### Materials provided

(* Let $G$ be an abelian group and let $Z$ be a finite multiset of elements of $G$ with $\dim(Z)\geqslant1$. Then $$|\Sigma(Z)|\leqslant 2^{2\dim(Z)\left(\log_2\left(\frac{|Z|}{\dim(Z)}\right)+2\right)}=\left(\frac{4|Z|}{\dim(Z)}\right)^{2\dim(Z)}.$$
   Context: $|Z|$ is the size of $Z$ counted with multiplicity. The additive span of $Z$ is $\Sigma(Z)=\{\sum_{z\in Z'}z: Z'\subseteq Z\}$, where $Z'$ ranges over sub-multisets of $Z$. A (multi)set $S$ is dissociated if any two sub-multisets of $S$ with equal sums are equal. $\dim(Z)$ is the size of the largest dissociated sub-multiset of $Z$. *)

From mathcomp Require Import all_boot all_order all_algebra.
Set Implicit Arguments. Unset Strict Implicit. Unset Printing Implicit Defensive.
Import Order.TTheory GRing.Theory Num.Theory.
Local Open Scope ring_scope.

(* A finite multiset of elements of an abelian group G (zmodType) is
   represented by a sequence Z : seq G (order irrelevant). Sub-multisets of Z
   are exactly the subsequences mask m Z, m a bit mask of length size Z;
   two sub-multisets are equal as multisets iff they are permutations of
   each other (perm_eq). *)

Definition ssum (G : zmodType) (s : seq G) : G := \sum_(x <- s) x.

Definition addspan (G : zmodType) (Z : seq G) : seq G :=
  undup [seq ssum (mask (val m) Z) | m : (size Z).-tuple bool].

Definition dissociated (G : zmodType) (S : seq G) : bool :=
  [forall m1 : (size S).-tuple bool, forall m2 : (size S).-tuple bool,
    (ssum (mask (val m1) S) == ssum (mask (val m2) S)) ==>
    perm_eq (mask (val m1) S) (mask (val m2) S)].

Definition dimZ (G : zmodType) (Z : seq G) : nat :=
  \max_(m : (size Z).-tuple bool | dissociated (mask (val m) Z))
     size (mask (val m) Z).

From mathcomp Require Import all_boot all_order all_algebra.
Import Order.TTheory GRing.Theory Num.Theory.
Set Implicit Arguments. Unset Strict Implicit. Unset Printing Implicit Defensive.

(* Represent each element of Sigma(Z) by an index set S of least binary weight
   \sum_(i in S) 2 ^ i among those with that sum; these representatives form a
   family F with |F| >= |Sigma(Z)|. If A is shattered by F and P, Q are subsets
   of A with equal sums, pick S in F with S :&: A = P: swapping P for Q inside S
   keeps the sum, so minimality gives weight P <= weight Q; by symmetry the
   weights agree, and binary weights determine the set, so P = Q. So every set shattered by F is dissociated and has at most
   d = dim(Z) elements, and Pajor's form of the Sauer-Shelah lemma yields
   |Sigma(Z)| <= \sum_(k <= d) 'C(|Z|, k) <= (4 |Z| / d) ^ (2 d). *)

Section Shattering.
Variable T : finType.
Implicit Types (F : {set {set T}}) (A B S U : {set T}) (x : T).

Definition shatters F A :=
  [forall B : {set T}, (B \subset A) ==> [exists S in F, S :&: A == B]].

Definition shattered F := [set A | shatters F A].

Lemma shatteredP F A :
  reflect (forall B, B \subset A -> exists2 S, S \in F & S :&: A = B)
          (A \in shattered F).
Proof.
rewrite inE; apply: (iffP forallP) => [shA B sBA | shA B].
  by have /implyP/(_ sBA)/existsP[S /andP[SF /eqP]] := shA B; exists S.
apply/implyP => /shA[S SF SA_B]; apply/existsP; exists S.
by rewrite SF SA_B eqxx.
Qed.

Lemma set0_shattered F : F != set0 -> set0 \in shattered F.
Proof.
case/set0Pn=> S SF; apply/shatteredP => B; rewrite subset0 => /eqP->.
by exists S; rewrite ?setI0.
Qed.

Lemma notin_shattered F x A :
  (forall S, S \in F -> x \notin S) -> A \in shattered F -> x \notin A.
Proof.
move=> xF /shatteredP/(_ A (subxx A))[S SF SA_A].
by apply: contra (xF S SF) => xA; move: xA; rewrite -SA_A inE => /andP[].
Qed.

Lemma card_le_shattered_powerset0 F :
  F \subset powerset set0 -> #|F| <= #|shattered F|.
Proof.
move=> sF0; have [->|nzF] := eqVneq F set0; first by rewrite cards0.
rewrite (leq_trans (subset_leq_card sF0)) // card_powerset cards0 card_gt0.
by apply/set0Pn; exists set0; apply: set0_shattered.
Qed.

Section Split.
Variables (F : {set {set T}}) (x : T).

Definition avoiding := [set S in F | x \notin S].
Definition removed := [set S :\ x | S in F & x \in S].

Local Notation F_or := (avoiding :|: removed).
Local Notation F_and := (avoiding :&: removed).

Lemma card_avoiding_removed : #|F| = #|F_or| + #|F_and|.
Proof.
rewrite cardsUI card_in_imset; last first.
  move=> S1 S2; rewrite !inE => /andP[_ xS1] /andP[_ xS2] eqS.
  by rewrite -(setD1K xS1) eqS setD1K.
rewrite -(cardsID [set S : {set T} | x \in S] F) addnC.
by congr (_ + _); apply: eq_card => S; rewrite !inE andbC.
Qed.

Lemma notin_avoiding_removed S : S \in F_or -> x \notin S.
Proof. by rewrite !inE => /orP[/andP[]|/imsetP[S' _ ->]] //; rewrite !inE eqxx. Qed.

Lemma notin_avoiding_removed_meet S : S \in F_and -> x \notin S.
Proof. by move=> SF; apply: notin_avoiding_removed; rewrite inE (setIP SF).1. Qed.

Lemma avoiding_removed_sub U :
  F \subset powerset U -> F_or \subset powerset (U :\ x).
Proof.
move=> sFU; apply/subsetP => S SF.
rewrite powersetE subsetD1 notin_avoiding_removed // andbT.
have sU S' : S' \in F -> S' \subset U by move/(subsetP sFU); rewrite powersetE.
move: SF; rewrite !inE => /orP[/andP[SF _]|/imsetP[S' /setIdP[S'F _] ->]].
  exact: sU.
exact: subset_trans (subsetDl _ _) (sU _ S'F).
Qed.

Lemma shattered_avoiding_removed : shattered F_or \subset shattered F.
Proof.
apply/subsetP => A shA; have xA := notin_shattered notin_avoiding_removed shA.
apply/shatteredP => B /(shatteredP _ _ shA)[S SF <-].
move: SF; rewrite !inE => /orP[/andP[SF _]|/imsetP[S' /setIdP[S'F _] ->]].
  by exists S.
exists S' => //.
by apply/setP => y; rewrite !inE; case: eqP => [->|]; rewrite ?(negbTE xA) ?andbF.
Qed.

Lemma shattered_avoiding_removed_meet A :
  A \in shattered F_and -> x |: A \in shattered F.
Proof.
move=> shA; have xA := notin_shattered notin_avoiding_removed_meet shA.
apply/shatteredP => B sBxA.
have /(shatteredP _ _ shA)[S /setIP[]] : B :\ x \subset A by rewrite subDset.
rewrite !inE => /andP[SF _] /imsetP[S' /setIdP[S'F xS'] defS] /setP eqS.
have [xB|xB] := boolP (x \in B); [exists S' | exists S] => //; apply/setP => y;
  have := eqS y; rewrite defS !inE; case: eqVneq => [->|] //= _.
- by rewrite xS' xB.
- by rewrite (negbTE xB).
Qed.

Lemma card_shattered_avoiding_removed :
  #|shattered F_or| + #|shattered F_and| <= #|shattered F|.
Proof.
have notin_and := notin_shattered notin_avoiding_removed_meet.
have notin_or := notin_shattered notin_avoiding_removed.
rewrite -[#|shattered F_and|](card_in_imset (f := fun A => x |: A)); last first.
  by move=> A1 A2 /notin_and xA1 /notin_and xA2 eqA; rewrite -(setU1K xA1) eqA setU1K.
have disj : [disjoint shattered F_or & [set x |: A | A in shattered F_and]].
  rewrite disjoints_subset; apply/subsetP => A /notin_or; rewrite inE.
  by apply: contra => /imsetP[A' _ ->]; apply: setU11.
rewrite -cardsUI (disjoint_setI0 disj) cards0 addn0 subset_leq_card //.
rewrite subUset shattered_avoiding_removed; apply/subsetP => _ /imsetP[A shA ->].
exact: shattered_avoiding_removed_meet.
Qed.

End Split.

Lemma card_le_shattered F : #|F| <= #|shattered F|.
Proof.
have [U sFU] : exists U, F \subset powerset U.
  by exists setT; apply/subsetP => S _; rewrite powersetE subsetT.
have [k] := ubnP #|U|; elim: k U F sFU => // k IH U F sFU ltUk.
have [U0|[x xU]] := set_0Vmem U.
  by apply: card_le_shattered_powerset0; rewrite -U0.
have ltU'k : #|U :\ x| < k by rewrite (cardsD1 x) xU in ltUk.
have sF'U' := avoiding_removed_sub x sFU.
rewrite (card_avoiding_removed F x).
rewrite (leq_trans _ (card_shattered_avoiding_removed F x)) //.
apply: leq_add; apply: IH ltU'k => //.
exact: subset_trans (subsetIl _ _) (subset_trans (subsetUl _ _) sF'U').
Qed.

Lemma card_small_sets d :
  #|[set A : {set T} | #|A| <= d]| <= \sum_(k < d.+1) 'C(#|T|, k).
Proof.
elim: d => [|d IH].
  rewrite big_ord1 -card_draws subset_leq_card //.
  by apply/subsetP => A; rewrite !inE leqn0.
rewrite big_ord_recr /= -card_draws (leq_trans _ (leq_add IH (leqnn _))) //.
apply: leq_trans (leq_card_setU _ _).1; apply: subset_leq_card.
by apply/subsetP => A; rewrite !inE leq_eqVlt ltnS orbC.
Qed.

Theorem sauer_shelah F d :
  (forall A, A \in shattered F -> #|A| <= d) ->
  #|F| <= \sum_(k < d.+1) 'C(#|T|, k).
Proof.
move=> dimF; apply: leq_trans (card_le_shattered F) (leq_trans _ (card_small_sets d)).
by apply/subset_leq_card/subsetP => A /dimF; rewrite inE.
Qed.

End Shattering.

Lemma leq_exp2rW e m n : m <= n -> m ^ e <= n ^ e.
Proof. by move=> le_mn; elim: e => // e IH; rewrite !expnS leq_mul. Qed.

Lemma ffact_le_expn n k : n ^_ k <= n ^ k.
Proof. by elim: k => // k IH; rewrite ffactnSr expnSr leq_mul ?leq_subr. Qed.

Lemma expn_le_ffact_double d k : k <= d -> d ^ k <= (2 * d) ^_ k.
Proof.
elim: k => // k IH lt_kd; rewrite ffactnSr expnSr leq_mul ?IH ?(ltnW lt_kd) //.
by rewrite mul2n -addnn -addnBA ?leq_addr ?(ltnW lt_kd).
Qed.

Lemma bin_mul_expn_le n d k :
  k <= d -> d <= n -> 'C(n, k) * d ^ (2 * d) <= n ^ (2 * d) * 'C(2 * d, k).
Proof.
move=> le_kd le_dn.
have le_k2d : k <= 2 * d by rewrite mul2n -addnn (leq_trans le_kd (leq_addr _ _)).
have low : 'C(n, k) * d ^ k <= n ^ k * 'C(2 * d, k).
  rewrite -(leq_pmul2r (fact_gt0 k)) mulnAC bin_ffact -mulnA bin_ffact.
  exact: leq_mul (ffact_le_expn n k) (expn_le_ffact_double le_kd).
have high : d ^ (2 * d - k) <= n ^ (2 * d - k) := leq_exp2rW _ le_dn.
have splitE m : m ^ (2 * d) = m ^ k * m ^ (2 * d - k) by rewrite -expnD subnKC.
by rewrite !splitE mulnA [in X in _ <= X]mulnAC leq_mul.
Qed.

Lemma sum_bin_mul_expn_le n d :
  d <= n -> (\sum_(k < d.+1) 'C(n, k)) * d ^ (2 * d) <= (4 * n) ^ (2 * d).
Proof.
move=> le_dn; rewrite big_distrl /=.
have termwise (k : 'I_d.+1) : 'C(n, k) * d ^ (2 * d) <= n ^ (2 * d) * 'C(2 * d, k).
  by apply: bin_mul_expn_le; rewrite -ltnS.
apply: leq_trans; first by apply: leq_sum => k _; apply: termwise.
rewrite /= -big_distrr /= expnMn mulnC leq_mul //.
have le_d2d : d.+1 <= (2 * d).+1 by rewrite ltnS mul2n -addnn leq_addr.
have sum_bin2 : \sum_(k < (2 * d).+1) 'C(2 * d, k) = 2 ^ (2 * d).
  by rewrite -[2]/(1 + 1) expnDn; apply: eq_bigr => k _; rewrite !exp1n !muln1.
rewrite (leq_trans _ (leq_exp2rW _ (isT : 2 <= 4))) // -sum_bin2.
rewrite (big_ord_widen _ (fun k => 'C(2 * d, k)) le_d2d) big_mkcond /=.
by apply: leq_sum => k _; case: ifP.
Qed.

Lemma sum_bits_lt (b : nat -> bool) k : \sum_(i < k) b i * 2 ^ i < 2 ^ k.
Proof.
elim: k => [|k IH]; first by rewrite big_ord0.
rewrite big_ord_recr /= expnS mul2n -addnn -addSn leq_add //.
by rewrite -[leqRHS]mul1n leq_mul2r leq_b1 orbT.
Qed.

Lemma eq_bits_of_sum (b1 b2 : nat -> bool) k :
    \sum_(i < k) b1 i * 2 ^ i = \sum_(i < k) b2 i * 2 ^ i ->
  forall i, i < k -> b1 i = b2 i.
Proof.
elim: k => // k IH; rewrite !big_ord_recr /= => eq_sum.
have top (b : nat -> bool) : (\sum_(i < k) b i * 2 ^ i + b k * 2 ^ k) %/ 2 ^ k = b k.
  by rewrite addnC divnMDl ?expn_gt0 // divn_small ?addn0 // sum_bits_lt.
have eq_top : b1 k = b2 k.
  by have := congr1 (divn^~ (2 ^ k)) eq_sum; rewrite /= !top; case: (b1 k) (b2 k) => -[].
move: eq_sum; rewrite eq_top => /addIn eq_low i; rewrite ltnS leq_eqVlt.
by case/orP => [/eqP-> | /(IH eq_low)].
Qed.

Section BinaryWeight.
Variable n : nat.

Definition weight (S : {set 'I_n}) : nat := \sum_(i in S) 2 ^ i.

Lemma weight_inj : injective weight.
Proof.
pose bits (S : {set 'I_n}) (i : nat) := i \in [seq val j | j in S].
have bitsE S (j : 'I_n) : bits S j = (j \in S).
  by rewrite /bits mem_map ?mem_enum //; apply: val_inj.
have weightE S : weight S = \sum_(i < n) bits S i * 2 ^ i.
  rewrite /weight big_mkcond; apply: eq_bigr => j _.
  by rewrite bitsE; case: (j \in S); rewrite ?mul1n.
move=> S1 S2; rewrite !weightE => /eq_bits_of_sum eq_bits; apply/setP => j.
by rewrite -!bitsE eq_bits.
Qed.

End BinaryWeight.

Section SubsetSums.
Variables (G : zmodType) (Z : seq G).
Local Notation n := (size Z).
Local Open Scope ring_scope.
Implicit Types A P Q S : {set 'I_n}.

Definition subsum (S : {set 'I_n}) : G := \sum_(i in S) Z`_i.

Definition min_rep (S : {set 'I_n}) : bool :=
  [forall S', (subsum S' == subsum S) ==> (weight S <= weight S')%N].

Definition min_reps : {set {set 'I_n}} := [set S | min_rep S].

Lemma ssum_map_uniq (t : seq 'I_n) :
  uniq t -> ssum [seq Z`_i | i : 'I_n <- t] = subsum [set i in t].
Proof.
by move=> uniq_t; rewrite /ssum big_map big_uniq //; apply: eq_bigl => i; rewrite inE.
Qed.

Lemma mask_enum_ord m : mask m Z = [seq Z`_i | i : 'I_n <- mask m (enum 'I_n)].
Proof.
by rewrite map_mask (map_comp (nth 0 Z) val) val_enum_ord -/(mkseq _ _) mkseq_nth.
Qed.

Lemma exists_min_rep S : exists2 S', S' \in min_reps & subsum S' = subsum S.
Proof.
have [S' /eqP eqS' minS'] :=
  @arg_minnP _ S (fun S' => subsum S' == subsum S) (@weight n) (eqxx _).
exists S' => //; rewrite inE; apply/forallP => S''; apply/implyP => /eqP eqS''.
by apply: minS'; rewrite eqS'' eqS'.
Qed.

Lemma size_addspan_le : (size (addspan Z) <= #|min_reps|)%N.
Proof.
rewrite cardE -(size_map subsum) uniq_leq_size ?undup_uniq // => x.
rewrite mem_undup => /mapP[m _ ->].
rewrite mask_enum_ord ssum_map_uniq ?mask_uniq ?enum_uniq //.
have [S' S'rep <-] := exists_min_rep [set i in mask m (enum 'I_n)].
by apply: map_f; rewrite mem_enum.
Qed.

Lemma weight_le_shattered A P Q :
    A \in shattered min_reps -> P \subset A -> Q \subset A ->
  subsum P = subsum Q -> (weight P <= weight Q)%N.
Proof.
move=> shA sPA sQA eqPQ; have [S Srep SA_P] := shatteredP _ _ shA P sPA.
set S' := (S :\: A) :|: Q.
have S'A_Q : S' :&: A = Q.
  by rewrite setIUl setIDAC setDIl setDv setI0 set0U; apply/setIidPl.
have S'A_SA : S' :\: A = S :\: A.
  rewrite setDUl setDDl setUid.
  by move: sQA; rewrite -setD_eq0 => /eqP->; rewrite setU0.
have eq_sum : subsum S' = subsum S.
  rewrite /subsum (big_setID (A := S') A) (big_setID (A := S) A).
  by rewrite S'A_Q S'A_SA SA_P -/(subsum P) -/(subsum Q) eqPQ.
move: Srep; rewrite inE => /forallP/(_ S'); rewrite eq_sum eqxx /=.
rewrite /weight (big_setID (A := S') A) (big_setID (A := S) A).
by rewrite S'A_Q S'A_SA SA_P leq_add2r.
Qed.

Lemma shattered_subsum_inj A :
  A \in shattered min_reps -> {in powerset A &, injective subsum}.
Proof.
move=> shA P Q; rewrite !powersetE => sPA sQA eqPQ; apply: (@weight_inj n).
by apply/eqP; rewrite eqn_leq !(weight_le_shattered shA) ?eqPQ.
Qed.

Lemma card_le_dimZ A : {in powerset A &, injective subsum} -> (#|A| <= dimZ Z)%N.
Proof.
move=> injA; pose m : n.-tuple bool := [tuple i \in A | i < n].
set t := mask m (enum 'I_n).
have uniq_t : uniq t by rewrite mask_uniq ?enum_uniq.
have t_A : t =i A by move=> i; rewrite /t -filter_mask mem_filter mem_enum andbT.
have size_mZ : size (mask m Z) = #|A|.
  by rewrite mask_enum_ord size_map -(card_uniqP uniq_t); apply: eq_card.
rewrite -size_mZ; apply: leq_bigmax_cond.
apply/forallP => m1; apply/forallP => m2; apply/implyP.
have maskE m' : mask m' (mask m Z) = [seq Z`_i | i : 'I_n <- mask m' t].
  by rewrite mask_enum_ord -map_mask.
rewrite !maskE !ssum_map_uniq ?mask_uniq ?enum_uniq // => /eqP eq_sum.
have subA m' : [set i in mask m' t] \in powerset A.
  by rewrite powersetE; apply/subsetP => i; rewrite inE -t_A; apply: mem_mask.
have /setP eqS := injA _ _ (subA m1) (subA m2) eq_sum.
apply/perm_map/uniq_perm; rewrite ?mask_uniq ?enum_uniq // => i.
by have := eqS i; rewrite !inE.
Qed.

Lemma dimZ_le_size : (dimZ Z <= n)%N.
Proof.
apply/bigmax_leqP => m _.
by rewrite size_mask ?size_tuple // -[leqRHS](size_tuple m) count_size.
Qed.

End SubsetSums.

Local Open Scope ring_scope.

Theorem corollary3p6 (G : zmodType) (Z : seq G) :
  (1 <= dimZ Z)%N ->
  ((size (addspan Z))%:R : rat)
    <= ((4 * size Z)%:R / (dimZ Z)%:R) ^+ (2 * dimZ Z).
Proof.
move=> dim_gt0; set d := dimZ Z.
have card_sh A : A \in shattered (min_reps Z) -> (#|A| <= d)%N.
  by move=> shA; apply/card_le_dimZ/shattered_subsum_inj.
have := leq_trans (size_addspan_le Z) (sauer_shelah card_sh).
rewrite card_ord => le_span.
rewrite expr_div_n ler_pdivlMr ?exprn_gt0 ?ltr0n // -!natrX -natrM ler_nat.
exact: leq_trans (leq_mul le_span (leqnn _)) (sum_bin_mul_expn_le (dimZ_le_size Z)).
Qed.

######

- [Problem statement]
Only the lines holding "mulnAC" are wanted, so copy each of them from the material.

- [Answer for the task]
  rewrite -(leq_pmul2r (fact_gt0 k)) mulnAC bin_ffact -mulnA bin_ffact.
by rewrite !splitE mulnA [in X in _ <= X]mulnAC leq_mul.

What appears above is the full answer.